(Task objective) Could you count the lines in the data that contain "rowh"? Reply with the number only.

(Saved entries)
══════

(* Let $G$ and $H$ be two nontrivial connected graphs with orders $m$ and $n$ respectively. Then $$C_{cc}(G\Box H)=\max\{n\cdot C_{cc}(G),\ m\cdot C_{cc}(H)\}.$$
   Context: All graphs are finite, simple and undirected. For a graph $G$ and $S\subseteq V(G)$, the cycle interval $\langle S\rangle$ consists of the vertices of $S$ together with every vertex $w\in V(G)\setminus S$ such that $G[S\cup\{w\}]$ contains a cycle through $w$; $S$ is cycle convex if $\langle S\rangle=S$. The cycle convexity number $C_{cc}(G)$ is the maximum cardinality of a proper (i.e. $\neq V(G)$) cycle convex subset of $V(G)$. The Cartesian product $G\Box H$ has vertex set $V(G)\times V(H)$, with $(g_1,h_1)\sim(g_2,h_2)$ iff ($g_1\sim g_2$ and $h_1=h_2$) or ($g_1=g_2$ and $h_1\sim h_2$). A graph is nontrivial if it has at least two vertices. *)

From mathcomp Require Import all_boot.
Set Implicit Arguments. Unset Strict Implicit. Unset Printing Implicit Defensive.

Section CycleConvexity.
Variable T : finType.
Variable e : rel T.

Definition simple_graph : Prop := symmetric e /\ irreflexive e.

Definition connected_graph : Prop := forall x y : T, connect e x y.

(* Cycles are duplicate-free hence have at most #|T| vertices, so
   bounding the length by #|T| loses nothing (and makes the test boolean). *)
Definition is_cycle (c : seq T) : bool := [&& 2 < size c, uniq c & cycle e c].

Definition cycle_through_in (A : {set T}) (w : T) : bool :=
  [exists n : 'I_(#|T|.+1), exists t : n.-tuple T,
     [&& is_cycle t, w \in tval t & all (fun v => v \in A) t]].

Definition cycle_interval (S : {set T}) : {set T} :=
  S :|: [set w | (w \notin S) && cycle_through_in (w |: S) w].

Definition cycle_convex (S : {set T}) : bool := cycle_interval S == S.

Definition Ccc : nat :=
  \max_(S : {set T} | (S != [set: T]) && cycle_convex S) #|S|.

End CycleConvexity.

Definition box_rel (T1 T2 : finType) (e1 : rel T1) (e2 : rel T2) : rel (T1 * T2) :=
  fun u v => (e1 u.1 v.1 && (u.2 == v.2)) || ((u.1 == v.1) && e2 u.2 v.2).

From mathcomp Require Import all_boot.
Set Implicit Arguments. Unset Strict Implicit. Unset Printing Implicit Defensive.

(* A proper cycle convex set W of G [] H meets every layer G x {h} in a cycle
   convex set of G, so if all these layers are proper then |W| <= n C(G);
   symmetrically for the layers {g} x H.  Otherwise W contains a whole G-layer
   and a whole H-layer, and since three corners of a 4-cycle in W force the
   fourth, connectivity spreads W over all of G [] H.  Conversely, if S is
   cycle convex in G then so is S x V(H): a cycle leaving S x V(H) only at
   (g, h) enters it through two distinct neighbours (g1, h), (g2, h) joined by
   a path inside S x V(H), and the projection of that path to G closes a cycle
   through g in G[S + g]. *)

Lemma connect_weak_homo (T T' : finType) (e : rel T) (e' : rel T') (f : T -> T') :
    (forall x y, e x y -> (f x == f y) || e' (f x) (f y)) ->
  forall x y, connect e x y -> connect e' (f x) (f y).
Proof.
move=> fe x _ /connectP [p pe ->]; elim: p x pe => //= y p IH x /andP [/fe exy /IH].
by apply: connect_trans; case/orP: exy => [/eqP -> | /connect1].
Qed.

Section CycleInterval.
Variables (T : finType) (e : rel T).

Definition induced (A : {set T}) : rel T := [rel x y | [&& x \in A, y \in A & e x y]].

Lemma induced_path (A : {set T}) x s :
  x \in A -> path (induced A) x s = path e x s && all (mem A) s.
Proof.
elim: s x => //= y s IH x xA; rewrite /induced /= xA.
by case yA: (y \in A); rewrite ?andbF //= IH // andbA.
Qed.

Lemma connect_induced_mem (A : {set T}) a b :
  a != b -> connect (induced A) a b -> (a \in A) && (b \in A).
Proof.
move=> ab /connectP [[|y p] /= pth bE]; first by rewrite bE eqxx in ab.
case/andP: pth => /and3P [aA yA _]; rewrite (induced_path p yA) aA => /andP [_ pA].
by rewrite bE; apply: (allP (_ : all (mem A) (y :: p))); rewrite /= ?yA ?mem_last.
Qed.

Lemma cycle_through_in_seqP (A : {set T}) w :
  reflect (exists c : seq T, [&& is_cycle e c, w \in c & all (mem A) c])
          (cycle_through_in e A w).
Proof.
apply: (iffP existsP) => [[n /existsP [t ct]] | [c /and3P [cc wc cA]]].
  by exists (tval t).
have size_c : size c < #|T|.+1.
  by case/and3P: cc => _ uc _; rewrite ltnS -(card_uniqP uc) max_card.
by exists (Ordinal size_c); apply/existsP; exists (in_tuple c); rewrite /= cc wc.
Qed.

Lemma cycle_through_inP (A : {set T}) w : w \notin A ->
  reflect (exists a b, [/\ a != b, e w a, e b w & connect (induced A) a b])
          (cycle_through_in e (w |: A) w).
Proof.
move=> wA; apply: (iffP (cycle_through_in_seqP _ _)).
- case=> c /and3P [cc /rot_to [i s cE] cA].
  have /and3P [size_s us cs] : is_cycle e (w :: s).
    by rewrite -cE /is_cycle size_rot rot_uniq rot_cycle.
  have sA : all (mem (w |: A)) (w :: s).
    by apply/allP => v; rewrite -cE mem_rot => /(allP cA).
  case: s size_s us cs sA {cE} => [|a [|x s]] // _ /andP [w_axs uaxs].
  rewrite /cycle rcons_path => /andP [pwaxs ebw] sA.
  case/andP: pwaxs => ewa paxs.
  have mem_A v : v \in [:: a, x & s] -> v \in A.
    move=> vas; have := allP sA v; rewrite in_cons vas orbT => /(_ isT).
    by rewrite !inE => /orP [/eqP vw | //]; rewrite -vw vas in w_axs.
  exists a, (last x s); split => //.
    by case/andP: uaxs => a_xs _; apply: contraNneq a_xs => ->; apply: mem_last.
  apply/connectP; exists (x :: s) => //.
  rewrite induced_path ?mem_A ?mem_head //; apply/andP; split => //.
  by apply/allP => v vs; apply: mem_A; rewrite inE vs orbT.
- case=> a [b [ab ewa ebw cab]].
  have /andP [aA _] := connect_induced_mem ab cab.
  case/connectP: cab => p pp bE.
  case: (shortenP pp) bE => q pq uq _ bE.
  rewrite induced_path // in pq; case/andP: pq => pq qA.
  case: q bE uq pq qA => [|x q] bE; first by rewrite bE eqxx in ab.
  move=> uq pq qA; rewrite /= in bE.
  have axqA : all (mem A) [:: a, x & q] by rewrite /= aA.
  have w_axq : w \notin [:: a, x & q] by apply: contra wA => /(allP axqA).
  exists [:: w, a, x & q]; apply/and3P; split; last 2 first.
  - exact: mem_head.
  - apply/allP => v; rewrite in_cons => /orP [/eqP -> | /(allP axqA) vA].
      exact: setU11.
    exact: setU1r.
  - apply/and3P; split => //; first by rewrite cons_uniq w_axq.
    by rewrite /cycle rcons_path /= ewa -bE ebw andbT.
Qed.

Lemma cycle_convexP (S : {set T}) :
  reflect (forall w a b, w \notin S -> a != b -> e w a -> e b w ->
             ~~ connect (induced S) a b)
          (cycle_convex e S).
Proof.
rewrite /cycle_convex /cycle_interval; apply: (iffP eqP) => [SE w a b wS ab ewa ebw | convS].
  apply/negP => cab; have : w \in S :|: [set w | (w \notin S) && cycle_through_in e (w |: S) w].
    by rewrite in_setU inE wS; apply/orP; right; apply/cycle_through_inP => //; exists a, b.
  by rewrite SE (negbTE wS).
apply/setP => w; rewrite in_setU inE; case: (boolP (w \in S)) => //= wS.
apply/negbTE/negP => /(cycle_through_inP wS) [a [b [ab ewa ebw cab]]].
exact: negP (convS _ _ _ wS ab ewa ebw) cab.
Qed.

Lemma leq_Ccc (S : {set T}) : S != setT -> cycle_convex e S -> #|S| <= Ccc e.
Proof.
move=> ST convS.
by apply: (@leq_bigmax_cond _ (fun S => (S != setT) && cycle_convex e S)); rewrite ST.
Qed.

Lemma mul_Ccc_leq k n :
  (forall S : {set T}, S != setT -> cycle_convex e S -> k * #|S| <= n) -> k * Ccc e <= n.
Proof.
move=> le_n; rewrite /Ccc; elim/big_rec: _ => [|S m /andP [ST convS] IH]; first by rewrite muln0.
by rewrite maxnMr geq_max le_n.
Qed.

Lemma Ccc_leq n :
  (forall S : {set T}, S != setT -> cycle_convex e S -> #|S| <= n) -> Ccc e <= n.
Proof.
by move=> le_n; rewrite -[Ccc e]mul1n; apply: mul_Ccc_leq => S; rewrite mul1n; apply: le_n.
Qed.

End CycleInterval.

Lemma cycle_convex_preim (T T' : finType) (e : rel T) (e' : rel T') (f : T' -> T) (W : {set T}) :
  injective f -> {homo f : x y / e' x y >-> e x y} ->
  cycle_convex e W -> cycle_convex e' (f @^-1: W).
Proof.
move=> f_inj f_homo /cycle_convexP convW; apply/cycle_convexP => w a b.
rewrite !inE -(inj_eq f_inj) => wW ab ewa ebw.
apply: contra (convW _ _ _ wW ab (f_homo _ _ ewa) (f_homo _ _ ebw)).
apply: connect_weak_homo => x y; rewrite /induced /= !inE.
by case/and3P => -> -> /f_homo ->; rewrite orbT.
Qed.

Lemma Ccc_leq_bij (T T' : finType) (e : rel T) (e' : rel T') (f : T' -> T) :
  bijective f -> {homo f : x y / e' x y >-> e x y} -> Ccc e <= Ccc e'.
Proof.
move=> f_bij f_homo; have [g fK gK] := f_bij.
apply: Ccc_leq => W WT convW; rewrite -(on_card_preimset (onW_bij _ f_bij)).
apply: leq_Ccc; last exact: cycle_convex_preim (can_inj fK) f_homo convW.
apply: contra WT => /eqP fW; apply/eqP/setP => x; rewrite inE.
have : g x \in f @^-1: W by rewrite fW inE.
by rewrite inE gK.
Qed.

Lemma Ccc_bij (T T' : finType) (e : rel T) (e' : rel T') (f : T' -> T) :
  bijective f -> (forall x y, e' x y = e (f x) (f y)) -> Ccc e' = Ccc e.
Proof.
move=> f_bij fe; have [g fK gK] := f_bij.
apply/eqP; rewrite eqn_leq (Ccc_leq_bij f_bij) ?andbT => [|x y]; last by rewrite fe.
by apply: (@Ccc_leq_bij _ _ _ _ g) => [|x y]; [exists f | rewrite fe !gK].
Qed.

Section BoxProduct.
Variables (T1 T2 : finType) (e1 : rel T1) (e2 : rel T2).
Local Notation box := (box_rel e1 e2).

Definition row_of (W : {set T1 * T2}) (h : T2) : {set T1} := (fun g => (g, h)) @^-1: W.
Definition col_of (W : {set T1 * T2}) (g : T1) : {set T2} := (fun h => (g, h)) @^-1: W.

Lemma card_pairs (W : {set T1 * T2}) :
  #|W| = \sum_(g : T1) \sum_(h : T2) (if (g, h) \in W then 1 else 0).
Proof. by rewrite -sum1_card big_mkcond pair_bigA; apply: eq_bigr => -[]. Qed.

Lemma card_rows (W : {set T1 * T2}) : #|W| = \sum_(h : T2) #|row_of W h|.
Proof.
rewrite card_pairs exchange_big; apply: eq_bigr => h _.
by rewrite -sum1_card [RHS]big_mkcond; apply: eq_bigr => g _; rewrite inE.
Qed.

Lemma card_cols (W : {set T1 * T2}) : #|W| = \sum_(g : T1) #|col_of W g|.
Proof.
rewrite card_pairs; apply: eq_bigr => g _.
by rewrite -sum1_card [RHS]big_mkcond; apply: eq_bigr => h _; rewrite inE.
Qed.

Lemma cycle_convex_row (W : {set T1 * T2}) h :
  cycle_convex box W -> cycle_convex e1 (row_of W h).
Proof.
apply: cycle_convex_preim => [x y [] // | x y exy].
by rewrite /box_rel /= exy eqxx.
Qed.

Lemma cycle_convex_col (W : {set T1 * T2}) g :
  cycle_convex box W -> cycle_convex e2 (col_of W g).
Proof.
apply: cycle_convex_preim => [x y [] // | x y exy].
by rewrite /box_rel /= exy eqxx orbT.
Qed.

Lemma card_le_rows (W : {set T1 * T2}) :
  cycle_convex box W -> (forall h, row_of W h != setT) -> #|W| <= #|T2| * Ccc e1.
Proof.
move=> convW rowsT; rewrite card_rows -sum_nat_const leq_sum // => h _.
exact: leq_Ccc (rowsT h) (cycle_convex_row h convW).
Qed.

Lemma card_le_cols (W : {set T1 * T2}) :
  cycle_convex box W -> (forall g, col_of W g != setT) -> #|W| <= #|T1| * Ccc e2.
Proof.
move=> convW colsT; rewrite card_cols -sum_nat_const leq_sum // => g _.
exact: leq_Ccc (colsT g) (cycle_convex_col g convW).
Qed.

Lemma cycle_convex_setXT (S : {set T1}) :
  cycle_convex e1 S -> cycle_convex box (setX S [set: T2]).
Proof.
move=> /cycle_convexP convS; apply/cycle_convexP => -[g h] [ga ha] [gb hb].
rewrite in_setX in_setT andbT => gS ab ewa ebw; apply/negP => cab.
have /andP [] := connect_induced_mem ab cab; rewrite !inE !andbT => gaS gbS.
move: ewa ebw; rewrite /box_rel /=.
case/orP => [/andP [egga /eqP hE] | /andP [/eqP gE _]]; last by rewrite gE gaS in gS.
case/orP => [/andP [eggb /eqP hE'] | /andP [/eqP gE _]]; last by rewrite -gE gbS in gS.
subst ha hb; rewrite xpair_eqE eqxx andbT in ab.
apply: (negP (convS _ _ _ gS ab egga eggb)).
apply: (connect_weak_homo (f := fst)) cab => -[x1 x2] [y1 y2].
rewrite /induced /box_rel /= !inE !andbT => /and3P [-> -> /orP [] /andP [-> _]] //.
by rewrite orbT.
Qed.

Lemma mul_Ccc_leq_box : 0 < #|T2| -> #|T2| * Ccc e1 <= Ccc box.
Proof.
case/card_gt0P => h0 _; apply: mul_Ccc_leq => S ST convS.
rewrite mulnC -cardsT -cardsX; apply: leq_Ccc (cycle_convex_setXT convS).
apply: contra ST => /eqP SXT; apply/eqP/setP => g; rewrite inE.
have : (g, h0) \in setX S [set: T2] by rewrite SXT inE.
by rewrite in_setX in_setT andbT.
Qed.

Hypotheses (sg1 : simple_graph e1) (sg2 : simple_graph e2).

Lemma box_square (W : {set T1 * T2}) x y h h' :
    cycle_convex box W -> e1 x y -> e2 h h' ->
  (x, h) \in W -> (x, h') \in W -> (y, h) \in W -> (y, h') \in W.
Proof.
case: sg1 sg2 => [sym1 irr1] [sym2 irr2] /cycle_convexP convW exy ehh xh xh' yh.
apply/negPn/negP => yh'W.
have yx : (y, h) != (x, h').
  by rewrite xpair_eqE negb_and; apply/orP; left; apply: contraTneq exy => ->; rewrite irr1.
have e_yh' : box (y, h') (y, h) by rewrite /box_rel /= eqxx sym2 ehh orbT.
have e_xh' : box (x, h') (y, h') by rewrite /box_rel /= exy eqxx.
apply: (negP (convW _ _ _ yh'W yx e_yh' e_xh')).
apply: (@connect_trans _ _ (x, h)); apply: connect1.
  by rewrite /induced /box_rel /= yh xh sym1 exy eqxx.
by rewrite /induced /box_rel /= xh xh' ehh eqxx orbT.
Qed.

Hypotheses (conn1 : connected_graph e1) (conn2 : connected_graph e2).

Lemma box_full (W : {set T1 * T2}) g0 h0 :
  cycle_convex box W -> row_of W h0 = setT -> col_of W g0 = setT -> W = setT.
Proof.
case: sg1 sg2 => [sym1 _] [sym2 _] convW row0 col0.
have row_step h h' : e2 h h' -> row_of W h = setT -> row_of W h' = setT.
  move=> ehh rowh; apply/setP => g; rewrite !inE.
  have in_row x : (x, h) \in W by move/setP/(_ x): rowh; rewrite !inE.
  have closed_h' : closed e1 [pred x | (x, h') \in W].
    apply: (intro_closed (sym_connect_sym sym1)) => x y exy; rewrite !inE => xh'.
    exact: box_square convW exy ehh (in_row x) xh' (in_row y).
  have := closed_connect closed_h' (conn1 g0 g); rewrite !inE => <-.
  by move/setP/(_ h'): col0; rewrite !inE.
have closed_rows : closed e2 [pred h | row_of W h == setT].
  apply: (intro_closed (sym_connect_sym sym2)) => h h' ehh; rewrite !inE.
  by move=> /eqP /(row_step _ _ ehh) ->.
apply/setP => -[g h]; rewrite inE.
have := closed_connect closed_rows (conn2 h0 h); rewrite !inE row0 eqxx => /esym /eqP.
by move/setP/(_ g); rewrite !inE.
Qed.

Lemma Ccc_box_leq : Ccc box <= maxn (#|T2| * Ccc e1) (#|T1| * Ccc e2).
Proof.
apply: Ccc_leq => W WT convW.
have [/forallP rowsT | /forallPn [h0 /negPn /eqP row0]] := boolP [forall h, row_of W h != setT].
  by rewrite leq_max card_le_rows.
have [/forallP colsT | /forallPn [g0 /negPn /eqP col0]] := boolP [forall g, col_of W g != setT].
  by rewrite leq_max card_le_cols ?orbT.
by rewrite (box_full convW row0 col0) eqxx in WT.
Qed.

End BoxProduct.

Lemma Ccc_box_swap (T1 T2 : finType) (e1 : rel T1) (e2 : rel T2) :
  Ccc (box_rel e1 e2) = Ccc (box_rel e2 e1).
Proof.
apply: (@Ccc_bij _ _ _ _ (fun u : T1 * T2 => (u.2, u.1))).
  by exists (fun u => (u.2, u.1)) => -[].
by move=> [x1 x2] [y1 y2]; rewrite /box_rel /= orbC andbC (andbC (_ == _)).
Qed.

Theorem mainTheorem12 (T1 T2 : finType) (e1 : rel T1) (e2 : rel T2) :
  simple_graph e1 -> simple_graph e2 ->
  1 < #|T1| -> 1 < #|T2| ->
  connected_graph e1 -> connected_graph e2 ->
  Ccc (box_rel e1 e2) = maxn (#|T2| * Ccc e1) (#|T1| * Ccc e2).
Proof.
move=> sg1 sg2 n1 n2 conn1 conn2; apply/eqP; rewrite eqn_leq Ccc_box_leq //.
rewrite geq_max mul_Ccc_leq_box ?(ltnW n2) //.
by rewrite Ccc_box_swap mul_Ccc_leq_box ?(ltnW n1).
Qed.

══════

(Task result) 2